1. They give him a chance to tell the other potentates about what he's been up to, so they can validate him. Validation from your peers is important, and once you become president, you have very few of those. Your wife gets tired of hearing the usual talk about what people have been chanting at your rallies, what the lying media has been lying about, who you've been bombing, and so forth. (Sorry, I think it should have been "whom" you've been bombing.) 

2. Photos can be taken, because a picture is worth a thousand words! Nothing looks more presidential than a photo of you talking on a phone. If a president is talking on a phone, we can assume it's a potentate on the other end, because anyone at the sub-potentate level is expected to walk over to his office or golf course to speak with him. 

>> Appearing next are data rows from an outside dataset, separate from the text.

(* Let $\phi$ be an instance of \textsc{Max (2,3)-SAT} with $n$ variables and let $T_\phi$ be the tournament instance constructed from $\phi$ as described in the context. If $T_\phi$ has a seeding whose tournament value is at least $k'$, then $\phi$ admits an assignment that satisfies at least $k'-n$ clauses.
   Context: Tournament model: players form a finite set of size $2^{n'}$ totally ordered by strength (stronger beats weaker). A seeding is a bijection $\sigma$ from players to $[2^{n'}]$. In round $r=1,\dots,n'$, for each block of seed positions $\{(k-1)2^r+1,\dots,k2^r\}$, the winner $a$ of its first half $\{(k-1)2^r+1,\dots,(k-1)2^r+2^{r-1}\}$ plays the winner $b$ of its second half (a single-position block is won by the player seeded there), the stronger one wins the block, and the game has value $v(a,b,r)$. The tournament value is the sum of values of all games played. \textsc{Max (2,3)-SAT} instance: a CNF formula $\phi$ with variables $x_1,\dots,x_n$ and clauses $c_1,\dots,c_m$, each clause having exactly two literals and each variable appearing in at most three clauses; the occurrences of each variable $x$ as a literal are numbered $1,2,3$ (its $j$th appearance) in a fixed order. Construction of $T_\phi$: let $n'$ be the smallest integer with $16n\le 2^{n'}$ and $p=2^{n'}-16n$. Players: for each variable $x$, three variable players $x,x^T,x^F$; for each clause $c$, one clause player $c$; and dummy players $f_1,\dots,f_{13n+p-m}$. Strength order (strongest first): $x_1>x_1^T>x_1^F>x_2>x_2^T>x_2^F>\dots>x_n>x_n^T>x_n^F>c_1>\dots>c_m>f_1>\dots>f_{13n+p-m}$. Game values: for each variable $x$, $v(x,x^T,1)=v(x^T,x,1)=v(x,x^F,1)=v(x^F,x,1)=1$; for each clause $c$ and each literal of $c$ that is the $j$th appearance of variable $x$, if $x$ appears non-negated there set $v(c,x^T,j)=v(x^T,c,j)=1$, and otherwise set $v(c,x^F,j)=v(x^F,c,j)=1$; all other values $v(a,b,r)$ for $r\in[n']$ are $0$. *)

From mathcomp Require Import all_boot all_fingroup.
Set Implicit Arguments. Unset Strict Implicit. Unset Printing Implicit Defensive.

(* ---------- General tournament model ----------
   Players are the elements of 'I_(2^N'); strength is the index order:
   a smaller index means a STRONGER player (index 0 is the strongest).
   A seeding is a permutation s : player -> seed position, positions being
   0-based (position i here = seed i+1 in the paper). *)

Lemma pow2_gt0 (N : nat) : 0 < 2 ^ N.
Proof. by rewrite expn_gt0. Qed.

Definition ord_dflt (N : nat) : 'I_(2 ^ N) := Ordinal (pow2_gt0 N).

Definition stronger (N : nat) (a b : 'I_(2 ^ N)) : 'I_(2 ^ N) :=
  if val a <= val b then a else b.

Definition player_at (N : nat) (s : {perm 'I_(2 ^ N)}) (i : nat) : 'I_(2 ^ N) :=
  (s^-1)%g (insubd (ord_dflt N) i).

(* winner s r k = winner of the k-th block (0-based) of 2^r consecutive
   seed positions {k 2^r, ..., (k+1) 2^r - 1}. *)
Fixpoint winner (N : nat) (s : {perm 'I_(2 ^ N)}) (r k : nat) : 'I_(2 ^ N) :=
  match r with
  | 0 => player_at s k
  | r'.+1 => stronger (winner s r' k.*2) (winner s r' k.*2.+1)
  end.

Definition tvalue (N : nat) (v : 'I_(2 ^ N) -> 'I_(2 ^ N) -> nat -> nat)
    (s : {perm 'I_(2 ^ N)}) : nat :=
  \sum_(1 <= r < N.+1) \sum_(k < 2 ^ (N - r))
     v (winner s r.-1 k.*2) (winner s r.-1 k.*2.+1) r.

Lemma ex_pow2_ge (n : nat) : exists e, 16 * n <= 2 ^ e.
Proof. exists (16 * n); exact: ltnW (ltn_expl _ (ltnSn 1)). Qed.

Definition Tn' (n : nat) : nat := ex_minn (ex_pow2_ge n).

(* Player indices (0-based, listed in strength order):
   variable i (0 <= i < n): x_i = 3i, x_i^T = 3i+1, x_i^F = 3i+2;
   clause c (0 <= c < m): 3n + c;
   dummies: all remaining indices 3n+m, ..., 2^n' - 1
   (there are exactly 13n + p - m of them). *)
Definition var_pl (i : nat) : nat := 3 * i.
Definition T_pl (i : nat) : nat := 3 * i + 1.
Definition F_pl (i : nat) : nat := 3 * i + 2.
Definition cl_pl (n c : nat) : nat := 3 * n + c.

(* literal = (variable, polarity); polarity true = non-negated *)
Definition lit_pl (n : nat) (l : 'I_n * bool) : nat :=
  if l.2 then T_pl l.1 else F_pl l.1.

(* Game values of T_phi. cl c l = l-th literal (l in {0,1}) of clause c,
   occ c l = its appearance number j in {1,2,3} for its variable. *)
Definition Tphi_val (n m : nat) (cl : 'I_m -> 'I_2 -> 'I_n * bool)
    (occ : 'I_m -> 'I_2 -> nat) (a b r : nat) : nat :=
  [&& 1 <= r, r <= Tn' n &
    ((r == 1) &&
      [exists i : 'I_n,
         ((a == var_pl i) && ((b == T_pl i) || (b == F_pl i))) ||
         ((b == var_pl i) && ((a == T_pl i) || (a == F_pl i)))])
    || [exists c : 'I_m, exists l : 'I_2,
         (r == occ c l) &&
         (((a == cl_pl n c) && (b == lit_pl (cl c l))) ||
          ((b == cl_pl n c) && (a == lit_pl (cl c l))))]].

Definition Tphi_v (n m : nat) (cl : 'I_m -> 'I_2 -> 'I_n * bool)
    (occ : 'I_m -> 'I_2 -> nat) :
    'I_(2 ^ Tn' n) -> 'I_(2 ^ Tn' n) -> nat -> nat :=
  fun a b r => Tphi_val cl occ (val a) (val b) r.

Definition n_occ (n m : nat) (cl : 'I_m -> 'I_2 -> 'I_n * bool) (x : 'I_n) : nat :=
  #|[set p : 'I_m * 'I_2 | (cl p.1 p.2).1 == x]|.

Definition sat_clause (n m : nat) (cl : 'I_m -> 'I_2 -> 'I_n * bool)
    (a : 'I_n -> bool) (c : 'I_m) : bool :=
  [exists l : 'I_2, a (cl c l).1 == (cl c l).2].

From mathcomp Require Import all_boot all_fingroup.
From mathcomp Require Import zify.
Set Implicit Arguments. Unset Strict Implicit. Unset Printing Implicit Defensive.

(* In a knockout tournament a player plays at most one game per round and
   none after a loss.  A game of positive value is either the round-1
   game of x against x^T or x^F, or a game of a clause player c against the
   player of one of its literals.  Clause players are weaker than all literal
   players, so each plays at most one valued game, and the loser of a variable
   game plays no clause game.  Give each variable the polarity whose literal
   player plays more clause games.  As a variable has at most three
   occurrences, the minority polarity plays at most one clause game, and none
   if the variable game was played.  So each variable accounts for at most one
   game that is a variable game or a game of a falsified literal; every other
   valued game satisfies its clause, and different such games satisfy
   different clauses. *)

Lemma leq_card_rel (A B : finType) (S : {set A}) (T : {set B}) (R : A -> B -> bool) :
    (forall a, a \in S -> exists2 b, b \in T & R a b) ->
    (forall a a' b, a \in S -> a' \in S -> R a b -> R a' b -> a = a') ->
  #|S| <= #|T|.
Proof.
move=> RS R_inj; pose f a := [pick b in T | R a b].
have f_spec a : a \in S -> exists2 b, f a = Some b & (b \in T) && R a b.
  move=> /RS[b Tb Rab]; rewrite /f; case: pickP => [b' Rab'|/(_ b)]; first by exists b'.
  by rewrite Tb Rab.
rewrite -(card_in_imset (f := f)); last first.
  move=> a a' Sa Sa'; have [b -> /andP[_ Rab]] := f_spec a Sa.
  have [b' -> /andP[_ Rab']] := f_spec a' Sa'.
  by case=> eq_bb'; apply: R_inj Sa Sa' Rab _; rewrite eq_bb'.
rewrite -(card_imset T (@Some_inj _)); apply/subset_leq_card/subsetP => _ /imsetP[a Sa ->].
by have [b -> /andP[Tb _]] := f_spec a Sa; apply: imset_f.
Qed.

Lemma stronger_val (N : nat) (a b : 'I_(2 ^ N)) : val (stronger a b) = minn a b.
Proof. by rewrite /stronger; case: leqP => [/minn_idPl|/ltnW/minn_idPr]. Qed.

Lemma strongerP (N : nat) (a b : 'I_(2 ^ N)) : stronger a b = a \/ stronger a b = b.
Proof. by rewrite /stronger; case: ifP; [left|right]. Qed.

Lemma double_lt_pow2 (N r k : nat) :
  r < N -> k < 2 ^ (N - r.+1) -> k.*2.+1 < 2 ^ (N - r).
Proof. by move=> lt_rN; rewrite -(subnSK lt_rN) expnS; lia. Qed.

Section Tournament.
Variables (N : nat) (s : {perm 'I_(2 ^ N)}).

Definition block (r : nat) (q : 'I_(2 ^ N)) : nat := val (s q) %/ 2 ^ r.

Lemma block_winner r k : r <= N -> k < 2 ^ (N - r) -> block r (winner s r k) = k.
Proof.
elim: r k => [|r IH] k le_rN lt_k /=.
  by rewrite /block /player_at permKV val_insubd expn0 divn1 -(subn0 N) lt_k.
have lt_k2 := double_lt_pow2 le_rN lt_k.
rewrite /block expnSr divnMA -/(block r _).
by case: (strongerP (winner s r k.*2) (winner s r k.*2.+1)) => ->; rewrite IH //; lia.
Qed.

Lemma winner_subblock r r' k : r <= r' <= N -> k < 2 ^ (N - r') ->
  winner s r' k = winner s r (block r (winner s r' k)).
Proof.
elim: r' k => [|r' IH] k /andP[le_rr' le_r'N] lt_k.
  by move: le_rr'; rewrite leqn0 => /eqP->; rewrite block_winner.
have [le_rr'1|lt_r'r] := leqP r r'; last first.
  have -> : r = r'.+1 by lia.
  by rewrite block_winner.
have lt_k2 := double_lt_pow2 le_r'N lt_k.
by case: (strongerP (winner s r' k.*2) (winner s r' k.*2.+1)) => /= ->; apply: IH; lia.
Qed.

Definition game := ('I_N.+1 * 'I_(2 ^ N))%type.
Definition is_game (g : game) := (0 < g.1) && (g.2 < 2 ^ (N - g.1)).
Definition player_a (g : game) := winner s (g.1).-1 (g.2).*2.
Definition player_b (g : game) := winner s (g.1).-1 (g.2).*2.+1.
Definition plays (g : game) (x : nat) := (val (player_a g) == x) || (val (player_b g) == x).

Lemma tvalue_games v :
  tvalue v s = \sum_(g : game | is_game g) v (player_a g) (player_b g) g.1.
Proof.
rewrite -(pair_big_dep (fun r : 'I_N.+1 => 0 < r) (fun r (k : 'I_(2 ^ N)) => k < 2 ^ (N - r))
  (fun r k => v (winner s r.-1 k.*2) (winner s r.-1 k.*2.+1) r)) /tvalue.
rewrite big_add1 big_mkord [RHS]big_mkcond big_ord_recl /= add0n.
apply: eq_bigr => r _; rewrite /bump add1n add0n.
rewrite (big_ord_widen (2 ^ N) (fun k => v (winner s r k.*2) (winner s r k.*2.+1) r.+1)) //.
by rewrite leq_pexp2l ?leq_subr.
Qed.

Lemma block_plays g q : is_game g -> plays g (val q) -> block g.1 q = g.2.
Proof.
case: g => [[[|r] lt_r] k] //; rewrite /is_game /plays /player_a /player_b /= => lt_k P_q.
have lt_k2 := double_lt_pow2 (lt_r : r < N) lt_k.
rewrite /block expnSr divnMA -/(block r q).
by case/orP: P_q => /eqP/val_inj <-; rewrite block_winner //; lia.
Qed.

Lemma plays_same_round g1 g2 x : is_game g1 -> is_game g2 -> g1.1 = g2.1 :> nat ->
  plays g1 x -> plays g2 x -> g1 = g2.
Proof.
move=> G1 G2 eq_r P1 P2.
have [q eq_qx] : exists q : 'I_(2 ^ N), val q = x by case/orP: P1 => /eqP <-; eexists.
rewrite -eq_qx in P1 P2; have := block_plays G2 P2.
rewrite -eq_r (block_plays G1 P1).
by case: g1 g2 eq_r {G1 G2 P1 P2} => [r1 k1] [r2 k2] /= /val_inj -> /val_inj ->.
Qed.

Lemma val_winner_game g x y : is_game g -> plays g x -> plays g y -> y < x ->
  val (winner s g.1 g.2) = y.
Proof.
case: g => [[[|r] lt_r] k] //; rewrite /plays /player_a /player_b /= stronger_val => _ Px Py.
by case/orP: Px => /eqP <-; case/orP: Py => /eqP <-; lia.
Qed.

Lemma no_game_after_loss g1 g2 x y : is_game g1 -> is_game g2 -> g1.1 < g2.1 ->
  plays g1 x -> plays g1 y -> y < x -> plays g2 x -> False.
Proof.
move=> G1 G2 lt_r P1x P1y lt_yx P2x.
have lt_wx : val (winner s g1.1 g1.2) < x by rewrite (val_winner_game G1 P1x P1y lt_yx).
case: g2 G2 lt_r P2x => [[[|r2] lt_r2] k2] //.
rewrite /is_game /plays /player_a /player_b /= => lt_k2 lt_r P2x.
have lt_k2' := double_lt_pow2 (lt_r2 : r2 < N) lt_k2.
have [j lt_j eq_x] : exists2 j, j < 2 ^ (N - r2) & x = val (winner s r2 j).
  by case/orP: P2x => /eqP <-; [exists k2.*2 | exists k2.*2.+1] => //; lia.
rewrite eq_x in P1x lt_wx.
by move: lt_wx; rewrite (@winner_subblock g1.1 r2 j) ?(block_plays G1 P1x) ?ltnn //; lia.
Qed.

Lemma loss_last_game g1 g2 x y : is_game g1 -> is_game g2 -> g1.1 <= g2.1 ->
  plays g1 x -> plays g1 y -> y < x -> plays g2 x -> g1 = g2.
Proof.
move=> G1 G2; rewrite leq_eqVlt => /orP[/eqP eq_r P1x _ _|lt_r P1x P1y lt_yx P2x].
  exact: plays_same_round.
by case: (no_game_after_loss G1 G2 lt_r P1x P1y lt_yx P2x).
Qed.

Lemma plays_at_most_two g x y z : plays g x -> plays g y -> plays g z -> x < y < z -> False.
Proof. by move=> /orP[]/eqP<- /orP[]/eqP<- /orP[]/eqP<-; lia. Qed.

End Tournament.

3. These phone calls are diligently recorded, and transcriptions are provided to the insiders who are in charge of leaking them to the lying media. (These days, lying media include lying broadcast and lying print, as well as lying bloggers, eventually moving downward to lying housewives in curlers chatting over backyard fences. As you can imagine, leaking to such a large and disparate group of liars is complicated, and requires coordinated effort from a crack team of leakers. The leakers are supposed to work a normal eight hour day, but as their spouses and main squeezes can attest, leakers are never really off the clock. It's certainly not always beer and skittles for the professional leaker.) 
  
As I worked my way through all of this, I kept getting distracted by a provocative headline about some memoirist's thoughts about the ending of the controversial HBO program "Girls." I didn't realize that people who write memoirs now must be consulted so they can weigh in on the programs produced by Judd Apatow, nor was I aware that they are now to be referred to as memoirists. It seems bizarre to me that a person who writes a book about their life is more notable for that than for the life, unless it's Samuel Pepys (technically, he was a diarist, I suppose), but the glut of memoir writing we all enjoy today has elevated its status to a level once enjoyed by the writer of quality prose. 
  This is related to the phenomenon of "reality" television, where people struggling to put a basic sentence together on the subject of which behaviors they will accept from their fellow reality TV stars and which they will not are deemed more interesting than scripted actors, for reasons mysterious to me. I don't much care for truth presented as entertainment, as I am addicted to the kind of prose and dialogue that mostly occurs when written down by scriptwriters. I call it the fiction of good diction. 
  I'd like to state here for the record that I absolutely reject the honorific of "memoirist," despite the truthful facts I occasionally include in my work. I don't deny the truth of my writing, but I am always careful to include at least some item of exaggeration so that no one can get my dander up by accusing me of being a memoirist. Readers, please understand-- anything comical discovered herein was not made up by me. Anything untrue is most likely just lying by omission, a venial sin I sometimes commit to keep the thing rattling along without becoming dull.